## [Work to be completed]
Transcribe, word for word and without additions, each line below from the one containing "From HB Require Import structures." through the one containing "move=> yn0 y0;", both ends included.
== Segment start ==
Definition maximal_ideal (I : {set R}) : Prop :=
  [/\ is_ideal I, (1 : R) \notin I &
      forall J : {set R}, is_ideal J -> I \subset J -> J = I \/ (1 : R) \in J].

Definition local_with_max (M : {set R}) : Prop :=
  forall I : {set R}, maximal_ideal I <-> I = M.

(* p is the characteristic of the residue field R/M. *)
Definition residue_char (M : {set R}) (p : nat) : Prop :=
  prime p /\ (p%:R : R) \in M.

Definition additive_char (psi : R -> algC) : Prop :=
  (forall x, psi x != 0) /\ (forall x y, psi (x + y) = psi x * psi y).

Definition primitive_additive_char (psi : R -> algC) : Prop :=
  additive_char psi /\
  forall I : {set R}, is_ideal I -> (forall x, x \in I -> psi x = 1) -> I = [set 0].

Definition mult_char (tau : {unit R} -> algC) : Prop :=
  (forall u, tau u != 0) /\ (forall u v, tau (u * v)%g = tau u * tau v).

Definition trivial_on_1plus (tau : {unit R} -> algC) (I : {set R}) : Prop :=
  forall u : {unit R}, val u - 1 \in I -> tau u = 1.

Definition is_conductor (M : {set R}) (tau : {unit R} -> algC) (I : {set R}) : Prop :=
  ((forall u, tau u = 1) -> I = [set: R]) /\
  (~ (forall u, tau u = 1) -> [/\ is_ideal I, I \subset M, trivial_on_1plus tau I &
         forall J : {set R}, is_ideal J -> J \subset M -> trivial_on_1plus tau J ->
           J \subset I]).

Definition primitive_mult_char (M : {set R}) (tau : {unit R} -> algC) : Prop :=
  is_conductor M tau [set 0].

Definition Kloosterman (psi : R -> algC) (tau : {unit R} -> algC) (a : R) : algC :=
  \sum_(u : {unit R}) tau u * psi (val u + a * (val u)^-1).

End Defs.

From HB Require Import structures.
From mathcomp Require Import all_boot all_order all_algebra all_fingroup.
From mathcomp Require Import algC ring.
From Stdlib Require Import Classical.
Set Implicit Arguments. Unset Strict Implicit. Unset Printing Implicit Defensive.
Import GRing.Theory Num.Theory.
Local Open Scope ring_scope.

(* Since tau is not primitive, it is trivial on 1 + J for a nonzero ideal J inside the maximal
   ideal M, which is nilpotent; hence J contains some x <> 0 with x^2 = 0.  Averaging K_tau(a)
   over the substitutions u |-> u (1 + x r) and using the orthogonality of the primitive
   character psi, only the terms with x (u - a/u) = 0 survive.  After expanding the cube, each
   triple (u, v, w) contributes a sum over a that the shift a |-> a + x r multiplies by
   psi (r x s), where s = 1/u + 1/v + 1/w.  A surviving term forces x u^2 = x v^2 = x w^2 = x a;
   as the annihilator of x lies in M, v = +-u and w = +-u modulo M, so s is a unit (3 being
   one), hence x s <> 0 and the sum vanishes. *)

Lemma nilpotent_sqr0 (R : nzRingType) (y : R) n : y ^+ n = 0 -> y != 0 ->
  exists k, y ^+ k.+1 != 0 /\ y ^+ k.+1 * y ^+ k.+1 = 0.
Proof.
move=> yn0 y0; have ex_n : exists n, y ^+ n == 0 by exists n; apply/eqP.
case: (ex_minnP ex_n) => -[|[|k]] /eqP ym min_m.
- by move/eqP: ym; rewrite expr0 oner_eq0.
- by move: y0; rewrite -[y]expr1 ym eqxx.
exists k; split; last by rewrite -exprD -addSnnS exprD ym mul0r.
by apply/negP => /min_m; rewrite ltnn.
Qed.

Lemma unit1D_sqr0 (R : comUnitRingType) (z : R) : z * z = 0 -> 1 + z \is a GRing.unit.
Proof.
move=> zz0; apply/unitrPr; exists (1 - z).
by transitivity (1 - z * z); [ring | rewrite zz0 subr0].
Qed.

Lemma inv1D_sqr0 (R : comUnitRingType) (z : R) : z * z = 0 -> (1 + z)^-1 = 1 - z.
Proof.
move=> zz0; apply: mulr1_eq.
by transitivity (1 - z * z); [ring | rewrite zz0 subr0].
Qed.

Lemma sum_expr3_exchange (R : comNzRingType) (I J : finType) (G : I -> J -> R) :
  \sum_i (\sum_j G i j) ^+ 3 =
  \sum_u \sum_v \sum_w \sum_i G i u * G i v * G i w.
Proof.
have -> : \sum_i (\sum_j G i j) ^+ 3 = \sum_i \sum_u \sum_v \sum_w G i u * G i v * G i w.
  apply: eq_bigr => i _; rewrite !exprS expr0 mulr1 !mulr_suml; apply: eq_bigr => u _.
  rewrite mulr_sumr; apply: eq_bigr => v _.
  by rewrite !mulr_sumr; apply: eq_bigr => w _; rewrite mulrA.
rewrite exchange_big; apply: eq_bigr => u _.
by rewrite exchange_big; apply: eq_bigr => v _; rewrite exchange_big.
Qed.

Section Ideals.
Variable R : finComUnitRingType.

Definition idealb (I : {set R}) : bool :=
  [&& (0 : R) \in I, [forall x, forall y, (x \in I) ==> (y \in I) ==> (x - y \in I)]
    & [forall r, forall x, (x \in I) ==> (r * x \in I)]].

Lemma idealP (I : {set R}) : reflect (is_ideal I) (idealb I).
Proof.
apply: (iffP and3P) => [[I0 /forallP IB /forallP IM] | [I0 IB IM]].
  split=> // [x y | r x]; first by move: (IB x) => /forallP/(_ y)/implyP H /H/implyP.
  by move: (IM r) => /forallP/(_ x)/implyP.
split=> //; apply/forallP => x; apply/forallP => y; apply/implyP => ?.
  by apply/implyP; apply: IB.
exact: IM.
Qed.

Lemma is_ideal0 : is_ideal [set 0 : R].
Proof.
split=> [|x y|r x]; rewrite ?inE //; first by move=> /eqP-> /eqP->; rewrite subr0.
by move=> /eqP->; rewrite mulr0.
Qed.

Definition principal_ideal (y : R) : {set R} := [set r * y | r : R].

Lemma principal_idealP y : is_ideal (principal_ideal y).
Proof.
split=> [|_ _ /imsetP[r _ ->] /imsetP[s _ ->] | t _ /imsetP[r _ ->]]; apply/imsetP.
- by exists 0; rewrite ?mul0r.
- by exists (r - s); rewrite ?mulrBl.
- by exists (t * r); rewrite ?mulrA.
Qed.

Lemma mem_principal_ideal y r : r * y \in principal_ideal y.
Proof. exact: imset_f. Qed.

Variables (I : {set R}) (I_ideal : is_ideal I).
(* In any execution of Algorithm $\mathsf{AG}$ (described in the context) with a guild, there exists a process $p_i$ in the maximal guild such that the set $S_i$ that $p_i$ sent in its $\mathrm{DistributeS}$ message is, after the execution of the algorithm, contained in the set $U_k$ of every process $p_k$ in the maximal guild.
   Context: System model: a finite set $\mathcal{P}=\{p_1,\dots,p_n\}$ of processes communicating asynchronously over authenticated point-to-point links; every message sent from a correct process to a correct process is eventually delivered. A process that follows its protocol is correct; others (faulty, Byzantine) may behave arbitrarily. $F\subseteq\mathcal{P}$ denotes the (unknown) set of faulty processes of an execution. For $\mathcal{A}\subseteq 2^{\mathcal{P}}$, write $\mathcal{A}^*=\{A' : A'\subseteq A,\ A\in\mathcal{A}\}$. An asymmetric fail-prone system is an array $\mathbb{F}=[\mathcal{F}_1,\dots,\mathcal{F}_n]$ with $\mathcal{F}_i\subseteq 2^{\mathcal{P}}$. An asymmetric Byzantine quorum system for $\mathbb{F}$ is an array $\mathbb{Q}=[\mathcal{Q}_1,\dots,\mathcal{Q}_n]$ with $\mathcal{Q}_i\subseteq 2^{\mathcal{P}}$ (quorums for $p_i$) satisfying: (consistency) for all $i,j$, all $Q_i\in\mathcal{Q}_i$, $Q_j\in\mathcal{Q}_j$, $F_{ij}\in\mathcal{F}_i^*\cap\mathcal{F}_j^*$: $Q_i\cap Q_j\not\subseteq F_{ij}$; (availability) for all $i$ and $F_i\in\mathcal{F}_i$ there is $Q_i\in\mathcal{Q}_i$ with $F_i\cap Q_i=\emptyset$. A kernel for $p_i$ is a set $K\subseteq\mathcal{P}$ intersecting every $Q\in\mathcal{Q}_i$; $\mathcal{K}_i$ is the set of kernels for $p_i$. A correct process $p_i$ is wise if $F\in\mathcal{F}_i^*$. A guild is a set $\mathcal{G}$ of wise processes such that every $p_i\in\mathcal{G}$ has some $Q_i\in\mathcal{Q}_i$ with $Q_i\subseteq\mathcal{G}$. An execution with a guild is one in which a nonempty guild exists; the maximal guild $\mathcal{G}_{max}$ is the union of all guilds. Asymmetric reliable broadcast (arb-broadcast / arb-deliver) guarantees, in every execution with a guild: if a correct process arb-broadcasts $m$, every process of $\mathcal{G}_{max}$ eventually arb-delivers $m$; for each sender, all processes of $\mathcal{G}_{max}$ that arb-deliver from it deliver the same message; if some process of $\mathcal{G}_{max}$ arb-delivers a message from a sender, all processes of $\mathcal{G}_{max}$ eventually arb-deliver a message from that sender; a correct process arb-delivers at most one message per sender, and from a correct sender only a message it arb-broadcast. Algorithm $\mathsf{AG}$ (code of $p_i$; each correct process invokes ag-propose$(x_i)$ exactly once; each guarded ''upon there being ...'' action executes at most once, message handlers once per message). State: sets $S_i,T_i,U_i$ initially empty, boolean $sentT$ initially false. (1) Upon ag-propose$(x_i)$: arb-broadcast $(p_i,x_i)$. (2) Upon arb-delivering $(p_j,x_j)$ from $p_j$: $S_i\gets S_i\cup\{(p_j,x_j)\}$. (3) Upon there being $Q\in\mathcal{Q}_i$ such that for every $p_j\in Q$ some pair $(p_j,\cdot)\in S_i$: send $\langle\mathrm{DistributeS},p_i,S_i\rangle$ to all. (4) For a received $\langle\mathrm{DistributeS},p_j,S_j\rangle$: once $S_j\subseteq S_i$, provided $sentT$ is false at that moment, set $T_i\gets T_i\cup S_j$ and send $\langle\mathrm{Ack},p_i\rangle$ to $p_j$. (5) Upon Ack received from every member of some $Q\in\mathcal{Q}_i$: send Ready to all. (6) Upon Ready received from every member of some $Q\in\mathcal{Q}_i$: send Confirm to all. (7) Upon Confirm received from every member of some $K\in\mathcal{K}_i$: send Confirm to all. (8) Upon Confirm received from every member of some $Q\in\mathcal{Q}_i$: send $\langle\mathrm{DistributeT},p_i,T_i\rangle$ to all and set $sentT\gets$ true. (9) For a received $\langle\mathrm{DistributeT},p_j,T_j\rangle$ from $p_j$: once $T_j\subseteq S_i$, set $U_i\gets U_i\cup T_j$. (10) Upon DistributeT received from every member of some $Q\in\mathcal{Q}_i$: ag-deliver$(U_i)$. *)

From mathcomp Require Import all_boot.
Set Implicit Arguments.
Unset Strict Implicit.
Unset Printing Implicit Defensive.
== Segment end ==
## [Finished exercise]
From HB Require Import structures.
From mathcomp Require Import all_boot all_order all_algebra all_fingroup.
From mathcomp Require Import algC ring.
From Stdlib Require Import Classical.
Set Implicit Arguments. Unset Strict Implicit. Unset Printing Implicit Defensive.
Import GRing.Theory Num.Theory.
Local Open Scope ring_scope.

(* Since tau is not primitive, it is trivial on 1 + J for a nonzero ideal J inside the maximal
   ideal M, which is nilpotent; hence J contains some x <> 0 with x^2 = 0.  Averaging K_tau(a)
   over the substitutions u |-> u (1 + x r) and using the orthogonality of the primitive
   character psi, only the terms with x (u - a/u) = 0 survive.  After expanding the cube, each
   triple (u, v, w) contributes a sum over a that the shift a |-> a + x r multiplies by
   psi (r x s), where s = 1/u + 1/v + 1/w.  A surviving term forces x u^2 = x v^2 = x w^2 = x a;
   as the annihilator of x lies in M, v = +-u and w = +-u modulo M, so s is a unit (3 being
   one), hence x s <> 0 and the sum vanishes. *)

Lemma nilpotent_sqr0 (R : nzRingType) (y : R) n : y ^+ n = 0 -> y != 0 ->
  exists k, y ^+ k.+1 != 0 /\ y ^+ k.+1 * y ^+ k.+1 = 0.
Proof.
move=> yn0 y0; have ex_n : exists n, y ^+ n == 0 by exists n; apply/eqP.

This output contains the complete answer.